>Tuberculosis, a disease modern medicine once thought it had conquered, is now the leading cause of death among people with HIV worldwide. Until recently, TB was not perceived as a particular threat to HIV-positive individuals in this country -- but that was before the emergence of new strains of tuberculosis, strains that are resistant to one or more of the drugs used to treat this infection. These drug-resistant strains of tuberculosis have resulted in outbreaks of disease that are difficult to treat, rapidly progressive, and exceedingly dangerous.

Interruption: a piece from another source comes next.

(* Let $\ell>0$, $M=\mathbb R\times\{x\in\mathbb R^2:|x|<\ell\}$ with coordinates $(t,x^1,x^2)$, $\lambda(x)=\log\frac{2}{1-|x|^2/\ell^2}$ and $\kappa=-\lambda$. Take the Newton-Cartan background $$\tau_\mu dx^\mu=e^{\kappa}dt,\qquad e_\mu{}^adx^\mu=e^{\lambda}dx^a,\qquad m_\mu dx^\mu=\phi\, e^{\kappa}dt\ \text{ with }\ \phi=e^{-\kappa}$$ (so $m_\mu dx^\mu=dt$), and background fields $u=0$, $v=0$, and $v_\mu$ determined by $v_0=0$, $(v^1,v^2)=-\tfrac32\big(x^2/\ell^2,\,-x^1/\ell^2\big)$. Then the system (S$_+$) of Theorem 2 has two linearly independent nowhere-vanishing solutions, namely $\zeta_+=\exp\!\big(\tfrac{\kappa}{2}+\tfrac{\pi}{8}\gamma_0\big)\zeta_0$ for any constant Majorana spinor $\zeta_0\neq0$. Moreover, for this background the boost connection $\omega_\mu{}^a$ vanishes identically.
   Context: Conventions: $\tau^\mu,e^\mu{}_a$ are the projective inverses ($\tau^\mu\tau_\mu=1$, $\tau^\mu e_\mu{}^a=0$, $e^\mu{}_a\tau_\mu=0$, $e^\mu{}_ae_\mu{}^b=\delta^b_a$); $v_0=\tau^\mu v_\mu$, $v_a=e^\mu{}_av_\mu$, $v^a=v_a$. $\epsilon_{12}=\epsilon^{12}=1$. $\tau_{\mu\nu}=2\partial_{[\mu}\tau_{\nu]}$, $\tau_{ab}=e^\mu{}_ae^\nu{}_b\tau_{\mu\nu}$, $\tau_{0a}=\tau^\mu e^\nu{}_a\tau_{\mu\nu}$, $\tau_{0\mu}=\tau^\nu\tau_{\nu\mu}$, $\tau^{a0}=\tau_{0a}$. Spin connections: $\omega_\mu{}^a = e^{\nu a}\partial_{[\mu}m_{\nu]} - e_\mu{}^be^{\nu a}\tau^\rho\partial_{[\nu}e_{\rho]b} - \tau^\nu\partial_{[\mu}e_{\nu]}{}^a - \tau_\mu e^{\nu a}\tau^\rho\partial_{[\nu}m_{\rho]}$, $\omega_\mu{}^{ab} = 2e^{\nu[a}\partial_{[\mu}e_{\nu]}{}^{b]} - e_\mu{}^ce^{\nu a}e^{\rho b}\partial_{[\nu}e_{\rho]c} - \tau_\mu e^{\nu a}e^{\rho b}\partial_{[\nu}m_{\rho]}$. Gamma matrices: $2\times2$, $\gamma_0^2=-\mathbb1$, $\{\gamma_a,\gamma_b\}=2\delta_{ab}$, $\{\gamma_0,\gamma_a\}=0$, $\gamma^a=\gamma_a$, $\gamma^0=-\gamma_0$, $\gamma_{ab}=\epsilon_{ab}\gamma_0$, $\gamma_{a0}=\epsilon_{ab}\gamma_b$; Majorana: $\zeta^*=\mathrm i\mathcal C_3\gamma^0\zeta$ with $\mathcal C_3^T=-\mathcal C_3$, $\gamma^T=-\mathcal C_3\gamma\mathcal C_3^{-1}$. $D_\mu\zeta=\partial_\mu\zeta+\tfrac14\omega_\mu{}^{ab}\gamma_{ab}\zeta$. System (S$_+$) for a commuting Majorana spinor $\zeta_+$: $(4v+\epsilon^{ab}\tau_{ab})\gamma_0\zeta_+=0$; $(\tfrac32\tau^{a0}\gamma_{a0}-\gamma^av_a+\mathrm{Re}(u)\gamma_0-\mathrm{Im}(u))\zeta_+=0$; $(\omega_\mu{}^a\gamma_{a0}+\tfrac13e_\mu{}^av_0\gamma_a)\zeta_+=0$; $D_\mu\zeta_+=(-\tfrac14\tau_{0\mu}-\tfrac12v_\mu\gamma_0+\tfrac16e_\mu{}^av^b\gamma_a\gamma_b\gamma_0+\tfrac13\tau_\mu v_0\gamma_0-\tfrac16\mathrm{Re}(u)e_\mu{}^a\gamma_a-\tfrac16\mathrm{Im}(u)e_\mu{}^a\gamma_{a0})\zeta_+$. *)

From Stdlib Require Import Reals Lra.
From Coquelicot Require Import Coquelicot.
Open Scope R_scope.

In the past, a simple skin test, administered in your care provider's office, was sufficient to determine if you had been exposed to TB. (This test, the only currently available clinical measurement of latent TB infection, is known as the tuberculin skin test.) If this skin test produced a firm welt, not much bigger than a pimple, that meant that you had been exposed to tuberculosis. Once active TB had been ruled out, drug therapy was then initiated for latent (inactive) tuberculosis. The problem is that the tuberculin skin test doesn't work very well in people with HIV. Many of them, especially those with more advanced HIV disease, have what is called anergy: their weakened immune systems fail to respond to the skin test even if they have been exposed to TB. As a result, care providers have no way of knowing for sure if a person with HIV has TB infection until that person develops symptoms of active disease.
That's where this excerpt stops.